Stored items:
□ □ □

(* Let $G$ be a finite bipartite graph. Then there exist $n,k\in\mathbb{N}$ with $k\le n$ such that for every 2-coloring of the edges of $B_{n,k}$, there exists an induced monochromatic copy of $G$ in $B_{n,k}$; that is, there is a set $V'$ of vertices of $B_{n,k}$ such that the induced subgraph of $B_{n,k}$ on $V'$ is isomorphic to $G$ and all of its edges receive the same color.
   Context: For $n\in\mathbb{N}$, $[n]=\{1,\dots,n\}$, and for a set $X$, $\binom{X}{k}$ denotes the set of $k$-element subsets of $X$. For $k\le n$, $B_{n,k}$ is the bipartite graph with left vertex set $[n]$, right vertex set $\binom{[n]}{k}$, and edge set $\{(x,X)\in[n]\times\binom{[n]}{k} : x\in X\}$. A bipartite graph is a graph whose vertex set is partitioned into sets $A,B$ with all edges between $A$ and $B$. For a graph $H=(V,E)$ and $V'\subseteq V$, the induced subgraph on $V'$ has vertex set $V'$ and edge set consisting of all edges of $H$ with both endpoints in $V'$. A 2-coloring of the edges is a map from the edge set to a 2-element set of colors. *)

From mathcomp Require Import all_boot.
Set Implicit Arguments. Unset Strict Implicit. Unset Printing Implicit Defensive.

Definition simple_graph (V : finType) (e : rel V) : Prop :=
  symmetric e /\ irreflexive e.

Definition bipartite (V : finType) (e : rel V) : Prop :=
  exists side : V -> bool, forall u v, e u v -> side u != side v.

(* The k-element subsets of [n] (we use 'I_n = {0,...,n-1} for [n]). *)
Definition kset (n k : nat) := {X : {set 'I_n} | #|X| == k}.

Definition Bvert (n k : nat) := ('I_n + kset n k)%type.

Definition Badj (n k : nat) (a b : Bvert n k) : bool :=
  match a, b with
  | inl x, inr X => x \in val X
  | inr X, inl x => x \in val X
  | _, _ => false
  end.

Definition Bedge (n k : nat) := {p : 'I_n * kset n k | p.1 \in val p.2}.

From mathcomp Require Import all_boot zify.
Set Implicit Arguments. Unset Strict Implicit. Unset Printing Implicit Defensive.

(* Let N = |V| and K = 2N + 1, and colour each K-subset X of [n] by the K bits
   "colour of the edge (i-th smallest element of X, X)".  By hypergraph
   Ramsey there is a large set B on which the colour of an edge (x, X), X a
   K-subset of B, depends only on the rank of x in X.  Some colour b occurs at
   N of the first 2N ranks; give each vertex w of G its own such rank sig w.
   Cut B into K blocks of W consecutive elements.  A left vertex w becomes the
   first element of block sig w; a right vertex u becomes the K-set taking one
   element from every block: the first element of block sig w for each
   neighbour w of u, another one otherwise, and in the last block an element
   that separates distinct right vertices.  Then w lies in the set of u, and
   then as its (sig w)-th element, exactly when they are adjacent, so all the
   edges of the copy get colour b. *)

Definition monochromatic (T : finType) (k : nat) (c : {set T} -> bool)
    (B : {set T}) (b : bool) :=
  forall X : {set T}, X \subset B -> #|X| = k -> c X = b.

□ □ □

What needs to be done -> Look through the entries above. Copy each line in which the string "Definition" occurs.

Result ->
Definition simple_graph (V : finType) (e : rel V) : Prop :=
Definition bipartite (V : finType) (e : rel V) : Prop :=
Definition kset (n k : nat) := {X : {set 'I_n} | #|X| == k}.
Definition Bvert (n k : nat) := ('I_n + kset n k)%type.
Definition Badj (n k : nat) (a b : Bvert n k) : bool :=
Definition Bedge (n k : nat) := {p : 'I_n * kset n k | p.1 \in val p.2}.
Definition monochromatic (T : finType) (k : nat) (c : {set T} -> bool)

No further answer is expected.